Ukraiński pomocnik polskiej „Cracovii” Jewhen Konoplanka mówił o toczącej się wojnie Federacji Rosyjskiej z Ukrainą.
„Teraz myślę tylko o wojnie na Ukrainie. Nie mogę się skupić na niczym innym. Nic nie wydaje mi się ważne ani warte uwagi.
Zachód trochę zapomina, że na Ukrainie wciąż giną ludzie, giną dzieci, giną rodziny, giną żołnierze. W imię jakiegoś szaleńca wysadza się cały naród. Nie mam czasu na oglądanie piłki nożnej, bo zawsze czytam wiadomości o wydarzeniach w moim kraju. Otworzyłem nowe wiadomości i dowiedziałem się, że zginęło jeszcze dwadzieścia osób ...
Większość mojej rodziny jest jeszcze dwieście kilometrów od strefy działań wojennych. Blisko, bardzo blisko, ale mieszkali tam od piętnastu lat i nie mieli zamiaru porzucać całego swojego dobytku.

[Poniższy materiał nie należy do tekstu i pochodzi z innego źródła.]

(* For every $N\ge2$ and every $(n_0,\dots,n_N)$ the following hold: (R1) for every integer $0\le k\le n_{\min}$: $d_{(n_0,\dots,n_N)}(k)=d_{(n_0-k,\dots,n_N-k)}(0)$; (R2) for every $i\in\{1,\dots,N-1\}$: $d_{(n_0,\dots,n_N)}(0)=\min_{j}\big[d_{(n_0,\dots,n_i)}(j)+d_{(j,n_{i+1},\dots,n_N)}(0)\big]$, the minimum over integers $0\le j\le\min(n_0,\dots,n_i)$; (R3) for every $i\in\{1,\dots,N-1\}$ and integer $0\le k\le n_{\min}$: $d_{(n_0,\dots,n_N)}(k)=\min_{j}\big[d_{(n_0,\dots,n_i)}(j)+d_{(j,n_{i+1},\dots,n_N)}(k)\big]$, the minimum over integers $k\le j\le\min(n_0,\dots,n_i)$.
   Context: For a vector $\mathbf n=(n_0,\dots,n_N)$ of positive integers ($N\ge1$), let $\tilde n_0\le\cdots\le\tilde n_N$ be its nondecreasing rearrangement, $n_{\min}=\tilde n_0$, $c_i=1-i+\min_{k'=1,\dots,N}\lfloor(\sum_{l=0}^{k'}\tilde n_l-i)/k'\rfloor$ for $i=1,\dots,n_{\min}$, and $d_{\mathbf n}(k)=\sum_{i=k+1}^{n_{\min}}c_i$ for integers $0\le k\le n_{\min}$ (so $d_{\mathbf n}(n_{\min})=0$). This $d_{\mathbf n}$ is the diversity-multiplexing tradeoff (at integer points) of the $(n_0,\dots,n_N)$ Rayleigh product channel $\mathbf y=\sqrt{\mathsf{SNR}/(n_1\cdots n_N)}\mathbf H_1\cdots\mathbf H_N\mathbf x+\mathbf z$ with independent i.i.d. $\mathcal{CN}(0,1)$ matrices $\mathbf H_i\in\mathbb C^{n_{i-1}\times n_i}$. Convention: if some entry of $\mathbf n$ is $0$, then $d_{\mathbf n}(0)=0$. *)

From HB Require Import structures.
From mathcomp Require Import all_boot all_order all_algebra.
Set Implicit Arguments. Unset Strict Implicit. Unset Printing Implicit Defensive.
Import Order.TTheory GRing.Theory Num.Theory.
Local Open Scope ring_scope.

(* A vector n = (n_0,...,n_N) is a seq nat of size N+1. *)

(* minimum of a (nonempty) list of integers; 0 on the empty list (never used). *)
Definition minl (l : seq int) : int :=
  match l with [::] => 0 | x :: t => foldr Num.min x t end.

Definition srt (n : seq nat) : seq nat := sort leq n.

Definition nmin (n : seq nat) : nat := head 0%N (srt n).

Definition cval (n : seq nat) (i : nat) : int :=
  let N := (size n).-1 in
  1 - i%:Z + minl [seq (((\sum_(l < k'.+1) nth 0%N (srt n) l)%:Z - i%:Z) %/ k'%:Z)%Z
                   | k' <- iota 1 N].

Definition dmt (n : seq nat) (k : nat) : int :=
  \sum_(k.+1 <= i < (nmin n).+1) cval n i.

From HB Require Import structures.
From mathcomp Require Import all_boot all_order all_algebra zify.
Import Order.TTheory GRing.Theory Num.Theory.
Set Implicit Arguments. Unset Strict Implicit. Unset Printing Implicit Defensive.
Local Open Scope ring_scope.

(* The proof rests on a "layer-cake" formula.  Put
     psi_n(y) = y - sum_{x in n} (y - x)^+        (the profile of n).
   For 1 <= i <= n_min, the term c_i of d_n counts the integers y with
   i <= psi_n(y) (the set {y | i <= psi_n(y)} is the interval [i, Y(i)], where
   Y(i) is the inner minimum of the definition of c_i), and summing over i gives
     d_n(k) = sum_y (psi_n(y) - k)^+.
   From this formula:
   - (R1) follows by shifting y, since psi_{n - k}(y) = psi_n(y + k) - k;
   - appending an entry q to n (so psi loses (y - q)^+) yields the one-step
     recursion d_{(a,q)}(k) = min_{k <= j <= a_min} [d_a(j) + (j-k)(q-k)],
     because sum_{i>k} min(c_i, q-k) of a nonincreasing c is such a minimum;
   - (R3), hence (R2) with k = 0, follows by induction on the tail of the
     chain, using that one-step recursion and an exchange of two minima. *)

Local Notation pospart z := (Num.max z 0).

Lemma minl_le (l : seq int) x : x \in l -> minl l <= x.
Proof.
case: l => [|z t] //=; elim: t => [|w t IH] /=; first by rewrite inE => /eqP->.
rewrite ge_min !inE => /or3P[/eqP xz|/eqP->|xt]; first by rewrite IH ?orbT ?xz ?mem_head.
- by rewrite lexx.
- by rewrite IH ?orbT // inE xt orbT.
Qed.

Lemma minl_mem (l : seq int) : l != [::] -> minl l \in l.
Proof.
case: l => [|z t] //= _; elim: t => [|w t IH] /=; first exact: mem_head.
rewrite /Num.min; case: ifP => _; first by rewrite !inE eqxx orbT.
by move: IH; rewrite !inE => /orP[->|->]; rewrite ?orbT.
Qed.

Lemma le_minl (l : seq int) y : l != [::] -> (y <= minl l) = all (fun x => y <= x) l.
Proof.
move=> l_nil; apply/idP/allP => [y_le x /minl_le|all_ge]; first exact: le_trans.
exact: all_ge _ (minl_mem l_nil).
Qed.

Definition rmin (lo hi : nat) (f : nat -> int) : int :=
  minl [seq f j | j <- iota lo (hi - lo).+1].

Lemma mem_iota_range lo hi j : (lo <= hi)%N ->
  (j \in iota lo (hi - lo).+1) = (lo <= j <= hi)%N.
Proof. by move=> le_lo_hi; rewrite mem_iota addnS subnKC // ltnS. Qed.

Lemma rmin_le lo hi f j : (lo <= j <= hi)%N -> rmin lo hi f <= f j.
Proof.
move=> /andP[lo_j j_hi]; apply/minl_le/map_f.
by rewrite mem_iota_range ?lo_j ?(leq_trans lo_j).
Qed.

Lemma rmin_attained lo hi f : (lo <= hi)%N ->
  exists2 j, (lo <= j <= hi)%N & rmin lo hi f = f j.
Proof.
move=> le_lo_hi; have /mapP[j] : rmin lo hi f \in [seq f j | j <- iota lo (hi - lo).+1].
  by apply: minl_mem.
by rewrite mem_iota_range //; exists j.
Qed.

Lemma rmin_eq lo hi f v : (lo <= hi)%N ->
  (forall j, (lo <= j <= hi)%N -> v <= f j) ->
  (exists2 j, (lo <= j <= hi)%N & f j <= v) -> rmin lo hi f = v.
Proof.
move=> le_lo_hi lb [j j_in fj_le]; apply: le_anti.
rewrite (le_trans (rmin_le f j_in)) //=.
by have [j' j'_in ->] := rmin_attained f le_lo_hi; apply: lb.
Qed.

Lemma eq_rmin lo hi f g : (lo <= hi)%N ->
  (forall j, (lo <= j <= hi)%N -> f j = g j) -> rmin lo hi f = rmin lo hi g.
Proof.
by move=> le_lo_hi fg; congr minl; apply/eq_in_map => j; rewrite mem_iota_range // => /fg.
Qed.


Lemma rmin_addl lo hi (c : int) f : (lo <= hi)%N ->
  c + rmin lo hi f = rmin lo hi (fun j => c + f j).
Proof.
move=> le_lo_hi; symmetry; apply: rmin_eq => //.
  by move=> j j_in; rewrite lerD2l rmin_le.
by have [j j_in ->] := rmin_attained f le_lo_hi; exists j.
Qed.

(* Both sides are the minimum of F j j' over k <= j' <= j <= M, j' <= m. *)
Lemma rmin_swap (F : nat -> nat -> int) k M m : (k <= minn M m)%N ->
  rmin k (minn M m) (fun j' => rmin j' M (fun j => F j j')) =
  rmin k M (fun j => rmin k (minn j m) (fun j' => F j j')).
Proof.
rewrite leq_min => /andP[kM km]; apply: le_anti; apply/andP; split.
- have [j j_in ->] := rmin_attained (fun j => rmin k (minn j m) (F j)) kM.
  have [|j' j'_in ->] := rmin_attained (F j) (lo := k) (hi := minn j m).
    by case/andP: j_in => kj _; rewrite leq_min kj km.
  move: j_in j'_in; rewrite leq_min => /andP[_ jM] /and3P[kj' j'j j'm].
  apply: le_trans (rmin_le _ _) (rmin_le _ _); first by rewrite leq_min kj' (leq_trans j'j jM).
  by rewrite j'j.
- have [|j' j'_in ->] := rmin_attained (fun j' => rmin j' M (fun j => F j j')) (lo := k) (hi := minn M m).
    by rewrite leq_min kM.
  move: j'_in; rewrite leq_min => /and3P[kj' j'M j'm].
  have [j j_in ->] := rmin_attained (fun j => F j j') j'M.
  case/andP: j_in => j'j jM.
  apply: le_trans (rmin_le _ _) (rmin_le _ _); first by rewrite (leq_trans kj' j'j).
  by rewrite kj' leq_min j'j.
Qed.

Definition ind (b : bool) : int := if b then 1 else 0.

Lemma count_interval (lo hi : int) (k M : nat) : k%:Z <= lo -> hi <= M%:Z ->
  \sum_(k <= t < M) ind ((lo <= t%:Z) && (t%:Z < hi)) = pospart (hi - lo).
Proof.
elim: M hi => [|M IH] hi k_lo hi_M; first by rewrite big_geq //; lia.
have [Mk|kM] := ltnP M k; first by rewrite big_geq //; lia.
rewrite big_nat_recr //= (eq_big_nat _ _ (F2 := fun t : nat =>
  ind ((lo <= t%:Z) && (t%:Z < Num.min hi M%:Z)))); last first.
  by move=> t /andP[_ tM]; congr ind; rewrite lt_min ltz_nat tM andbT.
rewrite IH //; last by rewrite ge_min lexx orbT.
by rewrite /ind; case: ifP; lia.
Qed.

(* Truncating a nonincreasing sequence c at level Q: the optimal split point
   j is the last index with c_j >= Q. *)
Section TruncatedSum.
Variables (c : nat -> int) (Q M : nat).
Hypothesis c_nonincr : forall i1 i2, (i1 <= i2 <= M)%N -> c i2 <= c i1.

Lemma sum_min_attained k : (k <= M)%N -> exists2 j, (k <= j <= M)%N &
  \sum_(k.+1 <= i < M.+1) Num.min (c i) Q%:Z =
  \sum_(j.+1 <= i < M.+1) c i + ((j - k) * Q)%:Z.
Proof.
move Mk_d : (M - k)%N => d; elim: d k Mk_d => [|d IH] k Mk_d kM.
  have -> : k = M by apply/eqP; rewrite eqn_leq kM -subn_eq0 Mk_d.
  by exists M; rewrite ?leqnn // !big_geq // subnn.
have kM' : (k < M)%N by rewrite -subn_gt0 Mk_d.
rewrite big_ltn ?ltnS //.
have [cQ|Qc] := ltrP (c k.+1) Q%:Z.
  exists k; rewrite ?leqnn // subnn mul0n addr0 [RHS]big_ltn ?ltnS //.
  congr (_ + _); apply: eq_big_nat => i /andP[ki iM]; apply: min_l.
  by apply: le_trans (ltW cQ); apply: c_nonincr; rewrite (ltnW ki) -ltnS.
have [|j /andP[kj jM] ->] := IH k.+1 _ kM'; first by rewrite subnS Mk_d.
exists j; first by rewrite ltnW.
nia.
Qed.

(* Each split point j bounds the truncated sum from above, since
   min(c_i, Q) <= Q for i <= j and min(c_i, Q) <= c_i for i > j. *)
Lemma sum_min_nonincr k : (k <= M)%N ->
  \sum_(k.+1 <= i < M.+1) Num.min (c i) Q%:Z =
  rmin k M (fun j => \sum_(j.+1 <= i < M.+1) c i + ((j - k) * Q)%:Z).
Proof.
move=> kM; symmetry; apply: rmin_eq => //; last first.
  by have [j j_in ->] := sum_min_attained kM; exists j.
move=> j /andP[kj jM]; rewrite (big_cat_nat (n := j.+1)) //= addrC.
apply: lerD; first by apply: ler_sum => i _; rewrite ge_min lexx.
have -> : ((j - k) * Q)%:Z = \sum_(k.+1 <= i < j.+1) Q%:Z by rewrite sumr_const_nat; lia.
by apply: ler_sum => i _; rewrite ge_min lexx orbT.
Qed.
End TruncatedSum.

Lemma nmin_le (n : seq nat) (x : nat) : x \in n -> (nmin n <= x)%N.
Proof.
rewrite -(mem_sort leq) /nmin /srt.
have := sort_sorted leq_total n; case: (sort leq n) => [|h t] //= sorted_ht.
rewrite inE => /orP[/eqP->//|xt].
by have /allP := order_path_min leq_trans sorted_ht; apply.
Qed.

Na początku wojny spałem cztery godziny dziennie, zjadał mnie ciągły stres, bo dzwoniła moja żona i mówiła, że Kijów pogrąża się w panice i dźwiękach syren. Musiała odebrać dzieci, uciekać przez Użgorod i granicę ze Słowacją. Moja siostra i jej roczna córka też przyjechały do Polski, ale wróciła po ucieczce z rakiet i śmierci. Wielka odwaga, ale i patriotyzm. Ukraina to nasza ziemia. A wojna to najgorszy wynalazek ludzkości, prawdziwy koszmar” – mówiła Konoplianka w wywiadzie dla polskiego wydania „Weszlo”.